1 minute and 23 seconds
The majority gave up or were deselected. But not Filip Nielsen. Yesterday sixty years have elapsed since he had his first day of training. A time he has since called a half-year in hell.
Anyone going pale was shown the door
Something had to happen. The year was 1957 and 19-year-old Filip Nielsen had then been part of the military for two years. He was posted to a fort where he was bored. When he heard about the new special training, he rushed to sign up.
- I didn't know what it was all about, but it didn’t matter. It had something to do with water. I've always been fond of water, so it was fine by me. The joy of it went away pretty quickly, however, when I started, he says.
In the outset, the training budget was very tight. The students had to patch their own diving suits, which often got holes in them. (Photo: Filip Nielsen © Langelandsfort)
230 boys applied. The candidates quickly reduced in number, however. Filip remembers one day in particular during the admission days.
The boys were shown into a gym and stood where there was a large leak. Their bodies were unclothed apart for their lower limbs.
Two nurses walked into the room with a long syringe, which the boys were told to stick in their rear-ends. A few faces in the row turned pale. That was enough for them to be pulled out.

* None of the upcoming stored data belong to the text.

Lemma expval_eigen A phi k :
  is_state phi -> A *m phi = k *: phi -> expval A phi = k.
Proof. by rewrite /expval -mulmxA => state_phi ->; rewrite -scalemxAr mxE state_phi mulr1. Qed.

Lemma expval1 phi : is_state phi -> expval 1%:M phi = 1.
Proof. by move=> state_phi; apply: expval_eigen; rewrite ?mul1mx ?scale1r. Qed.

Lemma expval_mul_eigen A B phi k :
  A *m phi = k *: phi -> expval (B *m A) phi = k * expval B phi.
Proof. by rewrite /expval mulmxA -mulmxA => ->; rewrite -scalemxAr mxE. Qed.

Lemma state_sum_normr phi : is_state phi -> \sum_a `|phi a 0| ^+ 2 = 1.
Proof.
rewrite /is_state /bra mxE => <-.
by apply: eq_bigr => a _; rewrite sqr_normc !mxE mulrC.
Qed.

Lemma sum_expval_pauli_sqr phi : is_state phi ->
  \sum_(p : {ffun 'I_N -> 'I_4}) `|expval (PS p) phi| ^+ 2 = (2 ^ N)%:R.
Proof.
move=> state_phi; pose w (u : 'I_(2 ^ N) * 'I_(2 ^ N)) := (phi u.1 0)^*%C * phi u.2 0.
have expvalW p : expval (PS p) phi = \sum_u w u * PS p u.1 u.2.
  by rewrite expvalE pair_bigA; apply: eq_bigr => -[a b] _; rewrite mulrAC.
transitivity (\sum_u \sum_v w u * (w v)^*%C
    * \sum_(p : {ffun 'I_N -> 'I_4}) PS p u.1 u.2 * (PS p v.1 v.2)^*%C).
  under eq_bigr do rewrite sqr_normc expvalW (rmorph_sum (@conjc R)) big_distrlr.
  rewrite exchange_big; apply: eq_bigr => u _; rewrite exchange_big; apply: eq_bigr => v _.
  by rewrite big_distrr; apply: eq_bigr => p _; rewrite rmorphM /= mulrACA.
transitivity (\sum_u `|w u| ^+ 2 * (2 ^ N)%:R).
  apply: eq_bigr => u _; rewrite (bigD1 u) //= sum_pauli_string_mulJ !eqxx sqr_normc.
  rewrite big1 ?addr0 // => v /negbTE neq_vu.
  by rewrite sum_pauli_string_mulJ -xpair_eqE -!surjective_pairing eq_sym neq_vu mulr0.
have normw u : `|w u| = `|phi u.1 0| * `|phi u.2 0| by rewrite normrM normcJ.
under eq_bigr do rewrite normw exprMn.
rewrite -mulr_suml -(pair_bigA _ (fun a b => `|phi a 0| ^+ 2 * `|phi b 0| ^+ 2)) /=.
by rewrite -big_distrlr /= (state_sum_normr state_phi) !mul1r.
Qed.
End Expval.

- If we showed a single sign of weakness, we were deselected, says Filip Nielsen.
After many days of health examinations, psychological tests and physical checks, thirteen boys were finally sent to Kongsøre by the Isefjord.
Marine spies
Frogman training has always been shrouded in mystery. Only a few know the duties of a frogman.
They have hidden names. Secret destinations. Unknown targets. An overview is possible, however.
Today, frogmen must be able to operate both nationally and internationally on land, at sea and in the air. But more often than not near water. One day they are elite soldiers in the wilderness, the next they are bodyguards. The whole world is their potential workplace.
Each day, the students slammed the sides of their hands down on to boards, which had been sprinkled with sand and gravel. This hardened the skin on their hands so they could more easily be used to crack the neck of an enemy in close combat. (Photo: Filip Nielsen © Langelandsfort)
In 1957, during training, the frogmen spent more time underwater than they do today. And the Cold War, which was still in its glacial period, helped shape the earliest training framework.
- We had to keep an eye on what eastern-bloc frogmen did. If they attacked, we should strike back. But primarily we were trained in espionage, says Filip Nielsen.
He will not say whether he has ever spied or been sent on a mission.
Blue stripes and crotch protectors
They lived in a red-painted scout hut, which the Armed Forces had taken over from Frederiksberg Municipality.
When they slept once in a while, it was in the same dormitory. A tiled stove in the middle of the room struggled to keep the place warm, but frogmen froze anyway.
The programme began every day between six and seven in the morning and continued into the evening. Each day began with a training run and then they were taught everything they had to know about diving, sabotage or weaponry.
Then they would be in the water for three to four hours. No matter what season.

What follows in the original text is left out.